Segment Start: DATA SUPPLIED

From HB Require Import structures.
From mathcomp Require Import all_boot all_order all_algebra.
From mathcomp Require Import all_classical all_reals all_analysis.
From mathcomp Require Import ring lra.
Import Order.TTheory GRing.Theory Num.Theory.
Import numFieldNormedType.Exports.
Local Open Scope classical_set_scope.
Local Open Scope ring_scope.

Set Implicit Arguments.
Unset Strict Implicit.

(* Summing the reflection law p_(j+1) - p_j = - mu_(j+1) n_(j+1) around the
   closed trajectory gives sum_j mu_j n_j = 0 with all mu_j >= 0.  Some mu_j
   is positive: otherwise p is constant and the positive numbers
   <q_(j+1) - q_j, p_j> telescope to 0.  If T is smooth, every mu_j is
   positive: mu_j = 0 makes q_(j+1) - q_j and q_j - q_(j-1) normals of T at
   the same point, hence positively collinear, so q_j would lie on the
   segment [q_(j-1), q_(j+1)].
   On the intersection of the half-spaces <n_i, x - q_i> <= 0 the balance
   bounds <n_j, x> from below whenever mu_j > 0, which is near boundedness;
   if all mu_j > 0 every <n_i, x> is bounded, hence so is x within U, and U
   is the cone spanned by the n_j.  The splittings along U (+) W come from
   the orthogonal projection onto U. *)

Section InnerProduct.
Context {R : realType} {n : nat}.
Implicit Types (u v w x : 'rV[R]_n) (a : R).

Lemma dotC u v : dot u v = dot v u.
Proof. by apply: eq_bigr => i _; rewrite mulrC. Qed.

Lemma dotDr u v w : dot u (v + w) = dot u v + dot u w.
Proof.
by rewrite /dot -big_split; apply: eq_bigr => i _; rewrite !mxE mulrDr.
Qed.

Lemma dotZr a u v : dot u (a *: v) = a * dot u v.
Proof. by rewrite /dot mulr_sumr; apply: eq_bigr => i _; rewrite !mxE mulrCA. Qed.

Lemma dotNr u v : dot u (- v) = - dot u v.
Proof. by rewrite -scaleN1r dotZr mulN1r. Qed.

Lemma dotBr u v w : dot u (v - w) = dot u v - dot u w.
Proof. by rewrite dotDr dotNr. Qed.

Lemma dotZl a u v : dot (a *: v) u = a * dot v u.
Proof. by rewrite dotC dotZr dotC. Qed.

Lemma dotBl u v w : dot (v - w) u = dot v u - dot w u.
Proof. by rewrite dotC dotBr !(dotC u). Qed.

Lemma dot0r u : dot u 0 = 0.
Proof. by rewrite -(scale0r 0) dotZr mul0r. Qed.

Lemma dot_sumr m u (c : 'I_m -> R) (v : 'I_m -> 'rV[R]_n) :
  dot u (\sum_j c j *: v j) = \sum_j c j * dot u (v j).
Proof.
elim/big_rec2: _ => [|j a b _ <-]; first by rewrite dot0r.
by rewrite dotDr dotZr.
Qed.

Lemma dot_ge0 u : 0 <= dot u u.
Proof. by rewrite sumr_ge0 // => i _; rewrite -expr2 sqr_ge0. Qed.

Lemma dot_eq0 u : (dot u u == 0) = (u == 0).
Proof.
apply/idP/eqP => [|->]; last by rewrite dot0r.
rewrite psumr_eq0 => [/allP u0|i _]; last by rewrite -expr2 sqr_ge0.
apply/rowP => i; rewrite mxE; have := u0 i (mem_index_enum _).
by rewrite -expr2 sqrf_eq0 => /eqP.
Qed.

Lemma dot_gt0 u : (0 < dot u u) = (u != 0).
Proof. by rewrite lt_def dot_ge0 andbT dot_eq0. Qed.

End InnerProduct.

Section NormalCone.
Context {R : realType} {n : nat}.
Implicit Types (C K T H : set 'rV[R]_n) (u v w x z : 'rV[R]_n).

Lemma normal_cone_dot_gt0 C z v :
  interior C 0 -> normal_cone C z v -> v != 0 -> 0 < dot v z.
Proof.
move=> /nbhs_ballP [e e0 ballC] Nv v0.
pose k := e / (2 * (`|v| + 1)).
have k0 : 0 < k by rewrite divr_gt0 // mulr_gt0 // ltr_wpDl.
have Ck : C (k *: v).
  apply: ballC; rewrite -ball_normE /ball_ /= sub0r normrN normrZ (gtr0_norm k0).
  rewrite /k mulrAC ltr_pdivrMr ?mulr_gt0 ?ltr_wpDl // ltr_pM2l //.
  by have := normr_ge0 v; lra.
have := Nv _ Ck; rewrite dotBr dotZr subr_le0; apply: lt_le_trans.
by rewrite mulr_gt0 // dot_gt0.
Qed.

(* A hyperplane {<v1, .> = c1} contained in a hyperplane {<v2, .> = c2}
   forces v2 to be a multiple of v1: test on z1 + (v2 - k v1) with
   v2 - k v1 orthogonal to v1. *)
Lemma hyperplane_sub_collinear v1 v2 z1 z2 : v1 != 0 ->
  (forall x, dot v1 x = dot v1 z1 -> dot v2 x = dot v2 z2) ->
  exists c, v2 = c *: v1.
Proof.
move=> v10 sub12.
have d0 : dot v1 v1 != 0 by rewrite dot_eq0.
pose k := dot v1 v2 / dot v1 v1; pose w := v2 - k *: v1.
have v1w : dot v1 w = 0 by rewrite dotBr dotZr mulfVK // subrr.
have v2z : dot v2 z1 = dot v2 z2 by apply: sub12.
have v2w : dot v2 w = 0.
  have := sub12 (z1 + w).
  rewrite (dotDr v1 z1 w) (dotDr v2 z1 w) v1w addr0 v2z => /(_ erefl) /eqP.
  by rewrite addrC -subr_eq0 addrK => /eqP.
exists k; apply/eqP; rewrite -subr_eq0 -/w -dot_eq0.
by rewrite {1}/w dotBl dotZl v1w v2w mulr0 subr0.
Qed.

Lemma normal_cone_supporting_hyperplane C z v : normal_cone C z v -> v != 0 ->
  supporting_hyperplane C z [set x | dot v x = dot v z].
Proof.
by move=> Nv v0; exists v; split=> // y /Nv; rewrite dotBr subr_le0.
Qed.

Lemma outer_unit_normal_neq0 K z H v : outer_unit_normal_to K z H v -> v != 0.
Proof. by case=> vv _ _; rewrite -dot_eq0 vv oner_neq0. Qed.

Lemma outer_unit_normal_unique K z H v1 v2 : interior K 0 ->
  outer_unit_normal_to K z H v1 -> outer_unit_normal_to K z H v2 -> v1 = v2.
Proof.
move=> K0 v1_normal v2_normal.
have v10 := outer_unit_normal_neq0 v1_normal.
have v20 := outer_unit_normal_neq0 v2_normal.
move: v1_normal v2_normal => [v1v1 Nv1 ->] [v2v2 Nv2 H12].
have [c v2E] : exists c, v2 = c *: v1.
  apply: (hyperplane_sub_collinear (z1:=z) (z2:=z) v10) => x /eqP.
  rewrite -subr_eq0 -dotBr => /eqP v1x.
  have : [set x | dot v1 (x - z) = 0] x by exact: v1x.
  by rewrite H12 /= dotBr => /eqP; rewrite subr_eq0 => /eqP.
have c0 : 0 < c.
  have := normal_cone_dot_gt0 K0 Nv2 v20.
  by rewrite v2E dotZl pmulr_lgt0 // (normal_cone_dot_gt0 K0 Nv1 v10).
move: v2v2; rewrite v2E dotZl dotZr v1v1 mulr1 => cc.
have -> : c = 1 by nra.
by rewrite scale1r.
Qed.

Lemma smooth_normal_cone_collinear T z w1 w2 :
  smooth_body T -> interior T 0 -> bd T z ->
  normal_cone T z w1 -> normal_cone T z w2 -> w1 != 0 -> w2 != 0 ->
  exists2 c, 0 < c & w2 = c *: w1.
Proof.
move=> smoothT T0 bdz N1 N2 w10 w20.
have H12 := smoothT _ bdz _ _ (normal_cone_supporting_hyperplane N1 w10)
                               (normal_cone_supporting_hyperplane N2 w20).
have [c w2E] : exists c, w2 = c *: w1.
  apply: (hyperplane_sub_collinear (z1:=z) (z2:=z) w10) => x x1.
  have : [set x | dot w1 x = dot w1 z] x by exact: x1.
  by rewrite H12.
exists c => //; have := normal_cone_dot_gt0 T0 N2 w20.
by rewrite w2E dotZl pmulr_lgt0 // (normal_cone_dot_gt0 T0 N1 w10).
Qed.

Lemma segment_of_collinear (a b c : 'rV[R]_n) (k : R) :
  0 < k -> c - b = k *: (b - a) -> segment a c b.
Proof.
move=> k0 cE; have k1 : 0 < 1 + k by lra.
exists (k / (1 + k)).
  by rewrite /= divr_ge0 ?ler_pdivrMr ?(ltW k0) ?(ltW k1) //= mul1r lerDr ler01.
have -> : c = k *: (b - a) + b by rewrite -cE subrK.
have e1 : (1 - k / (1 + k)) * k = k / (1 + k) by field; rewrite gt_eqF.
rewrite scalerDr scalerA e1 scalerBr addrA [_ *: a + _]addrC subrK.
by rewrite -scalerDl addrC subrK scale1r.
Qed.

End NormalCone.

Lemma trmx_mulmx_self_eq0 {R : realDomainType} p q (A : 'M[R]_(p, q)) :
  A^T *m A = 0 -> A = 0.
Proof.
move=> AA0; apply/matrixP => i j; rewrite mxE.
have : (A^T *m A) j j = 0 by rewrite AA0 mxE.
rewrite mxE => /eqP; rewrite psumr_eq0 => [/allP A0|k _]; last first.
  by rewrite mxE -expr2 sqr_ge0.
by have := A0 i (mem_index_enum _); rewrite mxE -expr2 sqrf_eq0 => /eqP.
Qed.

Section Span.
Context {R : realType} {n m : nat} (v : 'I_m -> 'rV[R]_n).
Implicit Types (x y : 'rV[R]_n) (c mu : 'I_m -> R).

Lemma span_of_sum c : span_of v (\sum_i c i *: v i).
Proof. by exists c. Qed.

Lemma span_of_gen j : span_of v (v j).
Proof.
exists (fun i => (i == j)%:R) => //.
rewrite (bigD1 j) //= eqxx scale1r big1 ?addr0 // => i /negbTE ->.
by rewrite scale0r.
Qed.

Lemma span_ofB x y : span_of v x -> span_of v y -> span_of v (x - y).
Proof.
move=> [c _ <-] [d _ <-]; exists (fun i => c i - d i) => //.
by rewrite -sumrB; apply: eq_bigr => i _; rewrite scalerBl.
Qed.

Lemma orth_compl_span_of x :
  (forall j, dot x (v j) = 0) -> orth_compl (span_of v) x.
Proof.
by move=> xv _ [c _ <-]; rewrite dot_sumr big1 // => i _; rewrite xv mulr0.
Qed.

Lemma span_of_orth_eq0 x : span_of v x -> (forall j, dot x (v j) = 0) -> x = 0.
Proof.
by move=> vx /orth_compl_span_of/(_ x vx) /eqP; rewrite dot_eq0 => /eqP.
Qed.

(* The orthogonal projection onto span v, with coefficients linear in the
   products <v k, x>: P is a pseudo-inverse of the Gram matrix of v. *)
Lemma span_of_projection : exists P : 'M[R]_m, forall x j,
  dot (v j) (x - \sum_i (\sum_k dot (v k) x * P k i) *: v i) = 0.
Proof.
pose N : 'M[R]_(m, n) := \matrix_(j, i) v j 0 i.
pose G := N *m N^T.
exists (pinvmx G) => x j.
have NC : N^T *m cokermx G = 0.
  apply: trmx_mulmx_self_eq0.
  by rewrite trmx_mul trmxK mulmxA -(mulmxA _ N) -/G -mulmxA mulmx_coker mulmx0.
pose y := x *m N^T.
have yG : (y <= G)%MS by rewrite submxE /y -mulmxA NC mulmx0.
set c := y *m pinvmx G.
have -> : \sum_i (\sum_k dot (v k) x * pinvmx G k i) *: v i = c *m N.
  rewrite mulmx_sum_row; apply: eq_bigr => i _.
  have -> : row i N = v i by apply/rowP => l; rewrite !mxE.
  congr (_ *: _); rewrite /c mxE; apply: eq_bigr => k _.
  rewrite /y mxE dotC; congr (_ * _); rewrite /dot [RHS]mxE.
  by apply: eq_bigr => l _; rewrite !mxE.
have : ((x - c *m N) *m N^T) 0 j = 0.
  by rewrite mulmxBl -mulmxA -/G mulmxKpV // subrr mxE.
by rewrite mxE => <-; rewrite dotC; apply: eq_bigr => l _; rewrite !mxE.
Qed.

Segment End: DATA SUPPLIED

- REQUIREMENT
Return each line above where the word "Implicit" shows up.

- RESPONSE BOX
Set Implicit Arguments.
Unset Strict Implicit.
Implicit Types (u v w x : 'rV[R]_n) (a : R).
Implicit Types (C K T H : set 'rV[R]_n) (u v w x z : 'rV[R]_n).
Implicit Types (x y : 'rV[R]_n) (c mu : 'I_m -> R).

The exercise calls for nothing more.